PROMPT:
For the data that follows, report how many lines include the string "existsP", and write the number alone.

[Stored data entries]
****

Lemma coBuchi_acc_eventually (alpha : {set T}) :
  coBuchi_acc alpha r -> exists N, forall n, N <= n -> r n \notin alpha.
Proof.
move=> acc; apply: NNPP => noN.
have [n|q alpha_q] := @inf_often_cofinal alpha; last exact: acc.
apply: NNPP => no_m; apply: noN; exists n => m le_nm; apply/negP => alpha_m.
by apply: no_m; exists m.
Qed.

End InfinitelyOften.

Lemma mkseqD (T : Type) (f : nat -> T) m n :
  mkseq f (m + n) = mkseq f m ++ mkseq (fun i => f (m + i)) n.
Proof. by rewrite /mkseq iotaD map_cat add0n -{2}(addn0 m) iotaDl -map_comp. Qed.

Lemma take_mkseq (T : Type) (f : nat -> T) k n :
  take k (mkseq f n) = mkseq f (minn k n).
Proof. by rewrite /mkseq -map_take take_iota. Qed.

Section LimitWord.
Variables (Sigma : finType) (d : Sigma).

(* [d] is a dummy default: once [i <= size (f i)] for all [i], position [n]
   lies within [f n.+1]. *)
Definition limw (f : nat -> seq Sigma) : word Sigma := fun n => nth d (f n.+1) n.

Lemma prefix_limw (f : nat -> seq Sigma) :
  (forall i, seq.prefix (f i) (f i.+1)) -> (forall i, i <= size (f i)) ->
  forall n i, n <= size (f i) -> Defs.prefix (limw f) n = take n (f i).
Proof.
move=> f_incr f_big n i le_n_fi.
have f_mono := homo_leq (@prefix_refl _) (@prefix_trans _) f_incr.
apply: (@eq_from_nth _ d); first by rewrite size_mkseq size_takel.
rewrite size_mkseq => k lt_kn; rewrite nth_mkseq // nth_take //.
have nth_max j : j <= maxn i k.+1 -> k < size (f j) ->
    nth d (f j) k = nth d (f (maxn i k.+1)) k.
  by move=> /f_mono/prefixP[s ->] lt_k; rewrite nth_cat lt_k.
rewrite /limw (nth_max i) ?(nth_max k.+1) ?leq_maxl ?leq_maxr ?f_big //.
exact: leq_trans lt_kn le_n_fi.
Qed.

Definition rep (r : seq Sigma) (i : nat) : seq Sigma := iter i (cat^~ r) [::].

Lemma repS r i : rep r i.+1 = rep r i ++ r.
Proof. by []. Qed.

Lemma size_rep r i : size (rep r i) = i * size r.
Proof. by elim: i => //= i IHi; rewrite size_cat IHi mulSn addnC. Qed.

Lemma foldl_rep (S : Type) (op : S -> Sigma -> S) x r i :
  foldl op x r = x -> foldl op x (rep r i) = x.
Proof. by move=> loop; elim: i => //= i IHi; rewrite foldl_cat IHi. Qed.

Lemma foldl_take_rep (S : Type) (op : S -> Sigma -> S) (P : S -> Prop) x r :
  (forall j, P (foldl op x (take j r))) -> foldl op x r = x ->
  forall i j, P (foldl op x (take j (rep r i))).
Proof.
move=> P_r loop; elim=> [|i IHi] j; first by have := P_r 0; rewrite take0.
by rewrite repS take_cat; case: ifP => _; rewrite ?foldl_cat ?foldl_rep.
Qed.

Lemma leq_size_pumped v r i : 0 < size r -> i <= size (v ++ rep r i).
Proof.
by move=> r_gt0; rewrite size_cat size_rep (leq_trans (leq_pmulr i r_gt0)) ?leq_addl.
Qed.

Lemma prefix_limw_rep v r : 0 < size r -> forall n i, n <= size (v ++ rep r i) ->
  Defs.prefix (limw (fun i => v ++ rep r i)) n = take n (v ++ rep r i).
Proof.
move=> r_gt0; apply: prefix_limw => i; first by rewrite repS catA prefix_prefix.
exact: leq_size_pumped.
Qed.

End LimitWord.

Lemma run_connect (Sigma Q : finType) (delta : Q -> Sigma -> {set Q})
    (w : word Sigma) (r : nat -> Q) :
  (forall i, r i.+1 \in delta (r i) (w i)) ->
  forall i j, i <= j -> connect (state_edge delta) (r i) (r j).
Proof.
move=> step.
apply: (homo_leq (f := r) (r := connect (state_edge delta))) => [x|y x z|i].
- exact: connect0.
- exact: connect_trans.
- by apply: connect1; apply/existsP; exists (w i).
Qed.

Section SccAvoiding.
Variables (Sigma Q : finType) (delta : Q -> Sigma -> {set Q}) (alpha : {set Q}).
Local Notation reach := (connect (state_edge delta)).

Definition scc_avoiding : {set Q} :=
  [set q | [forall (p | p \in alpha), ~~ (reach q p && reach p q)]].

Lemma scc_avoiding_weak : is_weak delta scc_avoiding.
Proof.
suff sub q q' : reach q q' -> reach q' q -> q \in scc_avoiding -> q' \in scc_avoiding.
  by move=> q q' qq' q'q; apply/idP/idP; apply: sub.
move=> qq' q'q; rewrite !inE => /forall_inP avoid; apply/forall_inP => p alpha_p.
apply: contra (avoid p alpha_p) => /andP[q'p pq'].
by rewrite (connect_trans qq' q'p) (connect_trans pq' q'q).
Qed.

Lemma Buchi_scc_avoiding_coBuchi (w : word Sigma) (r : nat -> Q) :
  (forall i, r i.+1 \in delta (r i) (w i)) ->
  Buchi_acc scc_avoiding r -> coBuchi_acc alpha r.
Proof.
move=> step [q [avoid_q q_inf]] p alpha_p p_inf.
have [i [_ ri]] := q_inf 0; have [j [le_ij rj]] := p_inf i.
have [k [le_jk rk]] := q_inf j.
move: avoid_q; rewrite inE => /forall_inP/(_ p alpha_p)/negP; apply.
by rewrite -rj -{1}ri -rk (run_connect step le_ij) (run_connect step le_jk).
Qed.

End SccAvoiding.

Section TightStrategy.
Variables (Sigma Q M : finType) (delta : Q -> Sigma -> {set Q}) (alpha : {set Q}).
Variables (m0 : M) (rho : M -> Sigma -> M) (tau : M -> Q).

Definition mem_edge : rel M := fun m m' => [exists a, m' == rho m a].

Lemma connect_mem_edge_word m m' :
  connect mem_edge m m' -> exists s, foldl rho m s = m'.
Proof.
case/connectP => p; elim: p m => [|y p IHp] m /=; first by exists [::].
case/andP => /existsP[a /eqP->] /IHp/[apply] -[s <-].
by exists (a :: s).
Qed.
End InducedStrategy.

Section GyninBound.
Variable R : realType.

Lemma p_gynin_det (f : bit3 -> bit3) : p_gynin (p_det R f) = (win_count f)%:R / 8%:R.
Proof.
have wins_split a y : (y == (a.2, a.1.1, a.1.2))%:R + (y == (~~ a.2, ~~ a.1.1, ~~ a.1.2))%:R
                      = (wins a y)%:R :> R.
  by rewrite -natrD; case: a y => [[[] []] []] [[[] []] []].
rewrite /p_gynin /p_det mulrC; congr (_ * _).
under eq_bigr do rewrite !(eq_sym _ (f _)) wins_split.
rewrite -natr_sum big_settings /win_count -sum1_count [in RHS]big_mkcond.
by congr _%:R; apply: eq_bigr => a _; case: wins.
Qed.

Lemma p_gynin_mixture (K : finType) (mu : K -> R) (pk : K -> bit3 -> bit3 -> R)
    (p : bit3 -> bit3 -> R) (c : R) :
  (forall k, 0 <= mu k) -> \sum_k mu k = 1 ->
  (forall x a, p x a = \sum_k mu k * pk k x a) ->
  (forall k, p_gynin (pk k) <= c) -> p_gynin p <= c.
Proof.
move=> mu_ge0 mu_sum1 p_mix pk_le.
have -> : p_gynin p = \sum_k mu k * p_gynin (pk k).
  rewrite /p_gynin; under eq_bigr do rewrite !p_mix -big_split.
  rewrite exchange_big mulr_sumr; apply: eq_bigr => k _.
  rewrite mulrCA; congr (_ * _).
  by rewrite mulr_sumr; apply: eq_bigr => a _; rewrite mulrDr.
rewrite -[c]mul1r -mu_sum1 mulr_suml; apply: ler_sum => k _.
exact: ler_wpM2l.
Qed.
Lemma trajectory_glide_disp (n k : Z) (g : list Z) (tg : Z -> Z) :
  glide n g k -> trajectory n g tg ->
  exists c, forall a, 1 <= a <= n -> tg a = glide_disp n k g a + c.
Proof.
  intros Hg [p1 [sL [sR [Hp1 [HL [HR Ht]]]]]].
  pose proof (glide_perm_residue_translation n k g Hg) as Rg.
  destruct Hg as [Hk _].
  set (c := glide_disp n k g (p1 + k)).
  assert (Hc : p1 + k = 1 - n * c).
  { destruct Rg as [HG _]. specialize (HG (p1 + k)). fold c in HG.
    unfold glide_perm in HG. replace (p1 + k - k) with p1 in HG by ring. lia. }
  assert (Lab : IsLabel n (below (word_perm n g) (1 + (p1 - 1)))
                  (fun a => sL a + (- c + glide_disp n k g a))).
  { apply (label_translate n (fun x => glide_perm n k g (x + n * - c)) _
           (fun q => q) _ (p1 - 1) 1 sL); [lia| |intro q|exact HL].
    - exact (residue_translation_comp n _ _ _ _ Rg (residue_translation_const n (- c))).
    - unfold glide_perm. f_equal. lia. }
  replace (1 + (p1 - 1)) with p1 in Lab by ring.
  exists (- c). intros a Ha. rewrite Ht, <- (label_unique _ _ _ _ Lab HR a Ha). cbv beta. ring.
Qed.

Definition letter_perm (n : Z) (o : option Z) : Z -> Z :=
  match o with Some a => sigma n a | None => fun q => q end.

Definition labelling (n : Z) (w : Z -> option Z) (A : Z -> Z -> Z) : Prop :=
  forall t q, A (t + 1) q = A t (letter_perm n (w t) q).

Lemma letter_perm_translate (n r : Z) (o : option Z) (q : Z) :
  letter_perm n (option_map (fun a => a + r) o) (q + r) = letter_perm n o q + r.
Proof. destruct o; simpl; [apply sigma_translate|reflexivity]. Qed.

Lemma letter_perm_involutive (n : Z) (o : option Z) (q : Z) :
  2 <= n -> letter_perm n o (letter_perm n o q) = q.
Proof. intros Hn. destruct o; simpl; [apply sigma_involutive, Hn|reflexivity]. Qed.

Lemma labelling_word (n : Z) (w : Z -> option Z) (A : Z -> Z -> Z) (g : list Z) (t0 : Z) :
  labelling n w A ->
  (forall k, (k < length g)%nat -> w (t0 + Z.of_nat k) = Some (nth k g 0)) ->
  forall q, A (t0 + Z.of_nat (length g)) q = A t0 (word_perm n g q).
Proof.
  intros HA. revert t0. induction g as [|a g IH]; intros t0 Hw q.
  - simpl. rewrite Z.add_0_r. reflexivity.
  - rewrite word_perm_cons.
    replace (t0 + Z.of_nat (length (a :: g))) with ((t0 + 1) + Z.of_nat (length g))
      by (simpl length; lia).
    rewrite IH.
    + rewrite HA. specialize (Hw 0%nat ltac:(simpl; lia)). rewrite Z.add_0_r in Hw.
      rewrite Hw. reflexivity.
    + intros k Hk. replace (t0 + 1 + Z.of_nat k) with (t0 + Z.of_nat (S k)) by lia.
      apply (Hw (S k)). simpl. lia.
Qed.

(** Crossings are involutions, so agreement also propagates backwards in time. *)
Lemma labelling_transport (n r t0 : Z) (w w' : Z -> option Z) (A B : Z -> Z -> Z)
    (F : Z -> Z) :
  2 <= n -> labelling n w A -> labelling n w' B ->
  (forall t, w' t = option_map (fun a => a + r) (w t)) ->
  (forall q, B t0 (q + r) = F (A t0 q)) ->
  forall t q, B t (q + r) = F (A t q).
Proof.
  intros Hn HA HB Hw H0.
  assert (Hstep : forall t q, B (t + 1) (q + r) = B t (letter_perm n (w t) q + r)).
  { intros t q. rewrite HB, Hw, letter_perm_translate. reflexivity. }
  intro t. replace t with (t0 + (t - t0)) by ring. generalize (t - t0) as d.
  intro d. induction d as [|d IH|d IH] using Z.peano_ind.
  - rewrite Z.add_0_r. exact H0.
  - intro q. unfold Z.succ. rewrite Z.add_assoc, Hstep, IH, HA. reflexivity.
  - intro q. unfold Z.pred in *.
    rewrite <- (letter_perm_involutive n (w (t0 + (d + -1))) q Hn).
    rewrite <- Hstep, <- HA. replace (t0 + (d + -1) + 1) with (t0 + d) by ring.
    apply IH.
Qed.

Lemma gamma_word_shift (u : list Z) (k1 k2 : Z) (s s' : nat) (t c : Z) :
  gamma_word u k1 k2 s (t + c * Z.of_nat (length u)) =
  option_map (fun a => a + (- c * k1 + (Z.of_nat s - Z.of_nat s') * k2))
    (gamma_word u k1 k2 s' t).
Proof.
  unfold gamma_word; cbv zeta. destruct (Z.of_nat (length u) =? 0) eqn:E; [reflexivity|].
  apply Z.eqb_neq in E. simpl. f_equal.
  rewrite Z_mod_plus_full, Z.div_add by exact E. ring.
Qed.

Lemma gamma_word_first_copy (u : list Z) (k1 k2 : Z) (k : nat) :
  (k < length u)%nat -> gamma_word u k1 k2 O (Z.of_nat k) = Some (nth k u 0).
Proof.
  intros Hk. unfold gamma_word; cbv zeta.
  destruct (Z.of_nat (length u) =? 0) eqn:E; [apply Z.eqb_eq in E; lia|].
  rewrite Z.mod_small, Z.div_small, Nat2Z.id by lia. f_equal. ring.
Qed.

Lemma seg_empty (w : Z -> option Z) (t : Z) : seg w t t = [].
Proof. unfold seg. rewrite Z.sub_diag. reflexivity. Qed.

Section TimeEvolution.

Variables (n : Z) (u v : list Z) (k1 k2 : Z) (L : nat -> Z -> Z -> Z).
Hypotheses (Hn : 2 <= n) (Hu : glide n u k1) (Hv : glide n v k2)
  (HL : evolution n u v k1 k2 L).

Local Notation l := (Z.of_nat (length u)).
Local Notation U := (glide_perm n k1 u).
Local Notation V := (glide_perm n k2 (rot (- k2) v)).
Local Notation eU := (glide_disp n k1 u).
Local Notation eV := (glide_disp n k2 (rot (- k2) v)).

Lemma evolution_labelling (s : nat) : labelling n (gamma_word u k1 k2 s) (L s).
Proof.
  destruct HL as [_ [HLs _]]. intros t q. rewrite HLs.
  destruct (gamma_word u k1 k2 s t); reflexivity.
Qed.

Lemma evolution0_first_copy (q : Z) : L O l q = word_perm n u q.
Proof.
  destruct HL as [HL0 _]. rewrite <- (HL0 (word_perm n u q)).
  rewrite <- (Z.add_0_l l). apply (labelling_word n _ _ u 0 (evolution_labelling O)).
  intros k Hk. rewrite Z.add_0_l. apply gamma_word_first_copy, Hk.
Qed.

Lemma evolution0_next_copy (t q : Z) : L O (t + l) (q + - k1) = U (L O t q).
Proof.
  destruct HL as [HL0 _].
  apply (labelling_transport n (- k1) 0 (gamma_word u k1 k2 O)
           (fun t => gamma_word u k1 k2 O (t + l)) (L O) (fun t => L O (t + l)));
    [exact Hn|apply evolution_labelling| |..].
  - intros t' q'. replace (t' + 1 + l) with ((t' + l) + 1) by ring. apply evolution_labelling.
  - intro t'. rewrite <- (Z.mul_1_l l) at 1. rewrite (gamma_word_shift u k1 k2 O O).
    destruct (gamma_word u k1 k2 O t'); cbn [option_map]; [f_equal; ring|reflexivity].
  - intro q'. rewrite HL0, Z.add_0_l, evolution0_first_copy. reflexivity.
Qed.

Lemma evolution0_copies (j : Z) :
  residue_translation n (fun x => L O (j * l) (x - j * k1)) (fun x => j * eU x).
Proof.
  destruct HL as [HL0 _].
  apply (residue_translation_iter n U eU (fun j x => L O (j * l) (x - j * k1))).
  - exact (glide_perm_residue_translation n k1 u Hu).
  - intro x. rewrite !Z.mul_0_l, Z.sub_0_r. apply HL0.
  - intros j' x. rewrite <- evolution0_next_copy. f_equal; ring.
Qed.

Lemma evolution_at_time (s : nat) (t q : Z) :
  L s t (q + Z.of_nat s * k2) = L s 0 (L O t q + Z.of_nat s * k2).
Proof.
  destruct HL as [HL0 _].
  apply (labelling_transport n (Z.of_nat s * k2) 0 (gamma_word u k1 k2 O) (gamma_word u k1 k2 s)
           (L O) (L s) (fun x => L s 0 (x + Z.of_nat s * k2)));
    [exact Hn|apply evolution_labelling|apply evolution_labelling| |].
  - intro t'. rewrite <- (Z.add_0_r t') at 1. rewrite <- (Z.mul_0_l l).
    rewrite (gamma_word_shift u k1 k2 s O).
    destruct (gamma_word u k1 k2 O t'); cbn [option_map]; [f_equal; ring|reflexivity].
  - intro q'. rewrite HL0. reflexivity.
Qed.

(** The rotation of [v] inserted at step [s + 1], once pushed through copy 0. *)
Lemma evolution_step_push (s : nat) (x : Z) :
  L (S s) 0 (U (V x) + Z.of_nat (S s) * k2) = L s 0 (U x + Z.of_nat s * k2).
Proof.
  destruct HL as [_ [_ HLpush]].
  pose proof (HLpush s 0 l (x + (- k1 + Z.of_nat s * k2)) ltac:(lia) ltac:(lia)) as E.
  replace ((0 + 1) * l) with l in E by ring. replace (- (0 + 1) * k1) with (- k1) in E by ring.
  rewrite seg_empty, app_nil_l, word_perm_rot in E.
  replace (x + (- k1 + Z.of_nat s * k2) - (- k1 + Z.of_nat s * k2)) with x in E by ring.
  unfold glide_perm at 1 3. rewrite <- !evolution0_first_copy, <- !evolution_at_time, glide_perm_rot.
  rewrite Nat2Z.inj_succ.
  replace (word_perm n v x - k2 - k1 + Z.succ (Z.of_nat s) * k2)
    with (word_perm n v x + (- k1 + Z.of_nat s * k2)) by ring.
  replace (x - k1 + Z.of_nat s * k2) with (x + (- k1 + Z.of_nat s * k2)) by ring.
  exact E.
Qed.

Lemma evolution_steps (s : nat) :
  residue_translation n (fun x => L s 0 (x + Z.of_nat s * k2)) (fun x => - Z.of_nat s * eV x).
Proof.
  destruct HL as [HL0 _].
  pose proof (glide_perm_residue_translation n k1 u Hu) as RU.
  pose proof (glide_perm_residue_translation n k2 _ (glide_rot n v k2 (- k2) Hv)) as RV.
  induction s as [|s IH].
  - apply (residue_translation_ext n _ _ _ _ (residue_translation_const n 0)).
    + intro x. rewrite HL0. ring.
    + intro x. ring.
  - refine (residue_translation_ext n _ _ _ _
              (residue_translation_cancel_r n _ (fun x => L (S s) 0 (x + Z.of_nat (S s) * k2)) _ _ _
                 (residue_translation_comp n _ _ _ _ RU RV)
                 (residue_translation_comp n _ _ _ _ IH RU) (evolution_step_push s)) _ _).
    + reflexivity.
    + intro x. rewrite Nat2Z.inj_succ. ring.
Qed.

Lemma evolution_copies_after_steps (m : nat) (i : Z) :
  residue_translation n (fun x => L m (i * l) (x + (- i * k1 + Z.of_nat m * k2)))
    (fun x => i * eU x - Z.of_nat m * eV x).
Proof.
  refine (residue_translation_ext n _ _ _ _
            (residue_translation_comp n _ _ _ _ (evolution_steps m) (evolution0_copies i)) _ _).
  - intro x. rewrite <- evolution_at_time. f_equal. ring.
  - intro x. ring.
Qed.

****

EXERCISE ANSWER:
2